И вот здесь, в бывшем имении Рукавишникова, которое за год до революции унаследовал семнадцатилетний Набоков, разглядывал я экспозицию (кстати, как бы в виде огромной бабочки), где в основном были его детские фотографии. Как он рвался сюда из своего такого благополучного далека:

Глаза прикрою — и мгновенно
Весь лёгкий, звонкий весь стою
Опять в гостиной незабвенной,
В усадьбе у себя, в раю…

Однажды там, в Швейцарии, Набоков получил из России вот эти старые семейные снимки (кто-то переснял и тайно переправил) — и на бумагу легли строки:

С серого севера
Пришли эти снимки.
Жизнь успела на всё
Погасить недоимки.
Знакомое дерево
Вырастает из дымки.
Вот на Лугу шоссе,
Дом с колоннами, Оредеж.
Отовсюду почти мне к себе
До сих пор ещё
Удалось бы пройти…

Я разговаривал с директором музея, архитектором Александром Александровичем Сёмочкиным и с его помощниками — Валерием Михайловичем Мельниковым, Верой Степановной Дмитриевой, Светланой Анатольевной Алексеевой, которые делали всё возможное и невозможное, чтобы обитель Набокова возродить. И верил, что так и будет… Как вдруг апрельской ночью 1995-го, когда как раз наступал очередной день рождения Набокова, какой-то изувер сей белоколонный дом, который — вопреки всему — неправдоподобно красиво стоял на высоком берегу Оредежа, превратил в обугленное страшилище… И снова Сёмочкин — со своим двоюродным братом Владимиром, его женой Татьяной и другими помощниками — принялись возрождать из пепла это чудо…

* * *

КОГДА весной 1919-го красные ворвались в Крым, Набоковы, пережидавшие там смуту, спешно погрузились на греческий пароход. Далее — Константинополь, Париж, Лондон… Оказавшись в Кембридже, Владимир испытал первые приступы мучительной болезни, которая будет преследовать его всю жизнь, — ностальгии: «Настоящая история пребывания в английском университете есть история моих потуг удержать Россию…» А в январе 1921-го в эмигрантской газете «Руль» поместил свой первый рассказ «Нежить» — под псевдонимом «Владимир Сиринъ», дабы читатели не спутали его с отцом, публиковавшимся там же. Одновременно успешно занялся переводами: с французского — «Кола Брюньона», с английского — «Алисы в стране чудес», а также — поэзии Шекспира, Мюссе, Рембо, Гёте, Байрона, Бодлера и многих, столь же достойных… И тут — страшное известие: Владимир Дмитриевич, который для сына всегда являлся образцом порядочности, благородства, ума, убит террористом-черносотенцем…

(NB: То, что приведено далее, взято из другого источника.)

(* Let $n\ge 3$ and let $c=(c_1,\dots,c_n)\in\{-1,+1\}^n$ be such that the cyclic sequence $(c_1,\dots,c_n,-c_1,\dots,-c_n)$ of length $2n$ contains no $n-1$ cyclically consecutive equal entries. Set $\varphi_1=0$, $\varphi_{n+1}=\pi$, and for $\varphi=(\varphi_2,\dots,\varphi_n)\in\mathbb{R}^{n-1}$, $y=(y_1,y_2)\in\mathbb{R}^2$ define \[ f(\varphi)=-\sum_{j=1}^{n}2\sin\frac{\varphi_{j+1}-\varphi_j}{2},\quad g_1(\varphi)=\sum_{j=2}^{n}(c_{j-1}-c_j)\cos\varphi_j-(c_1+c_n),\quad g_2(\varphi)=\sum_{j=2}^{n}(c_{j-1}-c_j)\sin\varphi_j, \] $L(\varphi,y)=f(\varphi)+y_1g_1(\varphi)+y_2g_2(\varphi)$, let $H(\varphi,y)$ be the Hessian of $L$ with respect to $(\varphi_2,\dots,\varphi_n)$, let $C(\varphi)$ be the $2\times(n-1)$ Jacobian of $(g_1,g_2)$ with respect to $(\varphi_2,\dots,\varphi_n)$, and let \[ K(\varphi,y)=\begin{pmatrix}H(\varphi,y)& C(\varphi)^T\\ C(\varphi)&0\end{pmatrix}. \] Let $w^\ast=(\varphi^\ast,0)$ with $\varphi^\ast_j=(j-1)\pi/n$ for $j=2,\dots,n$. Then $K$ is invertible at every point of some neighborhood of $w^\ast$ in $\mathbb{R}^{n-1}\times\mathbb{R}^2$. *)

From HB Require Import structures.
From mathcomp Require Import all_boot all_order all_algebra.
From mathcomp Require Import all_classical all_reals all_analysis.
Set Implicit Arguments. Unset Strict Implicit. Unset Printing Implicit Defensive.
Import Order.TTheory GRing.Theory Num.Theory.
Import numFieldNormedType.Exports.
Local Open Scope ring_scope.

Section Defs.
Variable R : realType.
Variable n : nat.
(* c is indexed 1-based: c 1, ..., c n are the relevant entries *)
Variable c : nat -> R.

Definition cseq (k : nat) : R := if (k < n)%N then c k.+1 else - c (k - n).+1.

Definition no_long_run : Prop :=
  forall k : nat, (k < 2 * n)%N ->
    ~ (forall t : nat, (t < n - 1)%N -> cseq ((k + t) %% (2 * n)) = cseq k).

Definition vget m (v : 'rV[R]_m) (i : nat) : R :=
  match (insub i : option 'I_m) with Some j => v 0 j | None => 0 end.

(* 1-based angles: phi_1 = 0, phi_(n+1) = pi, phi_j = v_(j-2) for 2 <= j <= n *)
Definition ang (v : 'rV[R]_(n.-1)) (j : nat) : R :=
  if (j <= 1)%N then 0 else if (j <= n)%N then vget v (j - 2) else pi.
(* Let $\Delta\geq3$ be an integer and $(\beta,\gamma)$ antiferromagnetic, $\lambda>0$, with $(\beta,\gamma,\lambda)\neq(\beta,\beta,1)$. Suppose there exists a pair of field gadgets $\mathcal{T}_1,\mathcal{T}_2$ of maximum degree $\Delta$ with $R_{\mathcal{T}_1}=R_{\mathcal{T}_2}$ but $M_{\mathcal{T}_1}\neq M_{\mathcal{T}_2}$. Then one can construct, for $j=0,1,2,\dots$, an infinite sequence of pairs of field gadgets $\mathcal{T}_{1,j},\mathcal{T}_{2,j}$ of maximum degree $\Delta$ with effective fields $R_{1,j},R_{2,j}$ and magnetization gaps $M_{1,j},M_{2,j}$ such that $R_{1,j}=R_{2,j}$ and $M_{1,j}\neq M_{2,j}$ for every $j$, and moreover the values $R_{1,j}$, $j\geq0$, are pairwise distinct.
   Context: A pair $(\beta,\gamma)$ with $\beta,\gamma\geq0$ is antiferromagnetic if $\beta\gamma\in[0,1)$ and at least one is nonzero. For a graph $G=(V,E)$ and $\lambda>0$, $\mu_{G;\beta,\gamma,\lambda}(\sigma)=\lambda^{|\sigma|}\beta^{m_0(\sigma)}\gamma^{m_1(\sigma)}/Z$ for $\sigma:V\to\{0,1\}$, $|\sigma|=\sum_v\sigma(v)$, $m_0,m_1$ the numbers of edges with both endpoints spin $0$, resp. spin $1$, convention $0^0=1$. A field gadget is a rooted tree $\mathcal{T}$ whose root $\rho$ has degree one; in the special case $\lambda=\frac{1-\beta}{1-\gamma}$ with $\beta\neq\gamma$, a field gadget is such a rooted tree in which in addition a triangle is attached on a subset of the leaves. With $\mu=\mu_{\mathcal{T};\beta,\gamma,\lambda}$, the effective field is $R_{\mathcal{T}}=\frac{1}{\lambda}\frac{\mu(\sigma(\rho)=1)}{\mu(\sigma(\rho)=0)}$ and the magnetization gap is $M_{\mathcal{T}}=\mathbf{E}_\mu[|\sigma|\mid\sigma(\rho)=1]-\mathbf{E}_\mu[|\sigma|\mid\sigma(\rho)=0]$. *)

From HB Require Import structures.
From mathcomp Require Import all_boot all_order all_algebra.
From mathcomp Require Import reals.
Set Implicit Arguments. Unset Strict Implicit. Unset Printing Implicit Defensive.
Import Order.TTheory GRing.Theory Num.Theory.
Local Open Scope ring_scope.

Record rootedGraph := RGraph { gN : nat; gE : rel 'I_gN; groot : 'I_gN }.

Definition simple_graph (n : nat) (e : rel 'I_n) : Prop :=
  (forall u v, e u v = e v u) /\ (forall u, e u u = false).

Definition deg (n : nat) (e : rel 'I_n) (v : 'I_n) : nat := #|[set u | e v u]|.

Definition nedges (n : nat) (e : rel 'I_n) : nat :=
  #|[set p : 'I_n * 'I_n | (p.1 < p.2)%N && e p.1 p.2]|.

Definition maxdeg_le (T : rootedGraph) (D : nat) : Prop :=
  forall v, (deg (@gE T) v <= D)%N.

Definition induced_off (n : nat) (e : rel 'I_n) (X : {set 'I_n}) : rel 'I_n :=
  [rel u v | [&& e u v, u \notin X & v \notin X]].

Definition is_tree_off (n : nat) (e : rel 'I_n) (X : {set 'I_n}) : Prop :=
  (forall u v, u \notin X -> v \notin X -> connect (induced_off e X) u v) /\
  nedges (induced_off e X) = (#|~: X| - 1)%N.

Хорошо, что скоро эту боль там, в Берлине, заглушила встреча с Верочкой Слоним, ставшей Набокову женой, матерью его сына, Музой, первым читателем, секретарем, адресатом посвящений почти всех книг, в общем — вторым «Я»… Так что низкий ей поклон — за то, что из-под его счастливого пера возникли, один за другим, романы: «Машенька», «Король, дама и валет», «Защита Лужина». Прочитав «Защиту Лужина», Бунин признался:

«Этот мальчишка выхватил пистолет и одним выстрелом уложил всех стариков, в том числе и меня».

Может быть, Ивана Алексеевича в числе прочего поразила, например, вот такая словесная и психологическая вязь:

«Лужин прищурился и почти шепотом, выпятив губы, как для осторожного поцелуя, испустил не слова, не простое обозначение хода, а что-то нежнейшее, бесконечно хрупкое. У него было то же выражение на лице — выражение человека, который сдувает перышко с лица младенца, — когда, на следующий день, он этот ход воплотил на доске…»

И после его особое набоковское Слово — на страницах «Подвига», «Камеры обскура», «Отчаяния» — раз за разом хватало читателя за душу. Например, в «Подвиге» — может быть, самом лирическом из русских романов, вот так говорится о верованиях матери главного героя:

«Была некая сила, в которую она крепко верила, столь же похожая на Бога, сколь похожи на никогда не виденного человека его дом, его вещи, его теплица и пасека, далекий голос его, случайно услышанный ночью в поле… Эта сила не вязалась с церковью, никаких грехов не отпускала и не карала, — но просто было иногда стыдно перед деревом, облаком, собакой, стыдно перед воздухом, так же бережно несущем дурное слово, как и доброе…»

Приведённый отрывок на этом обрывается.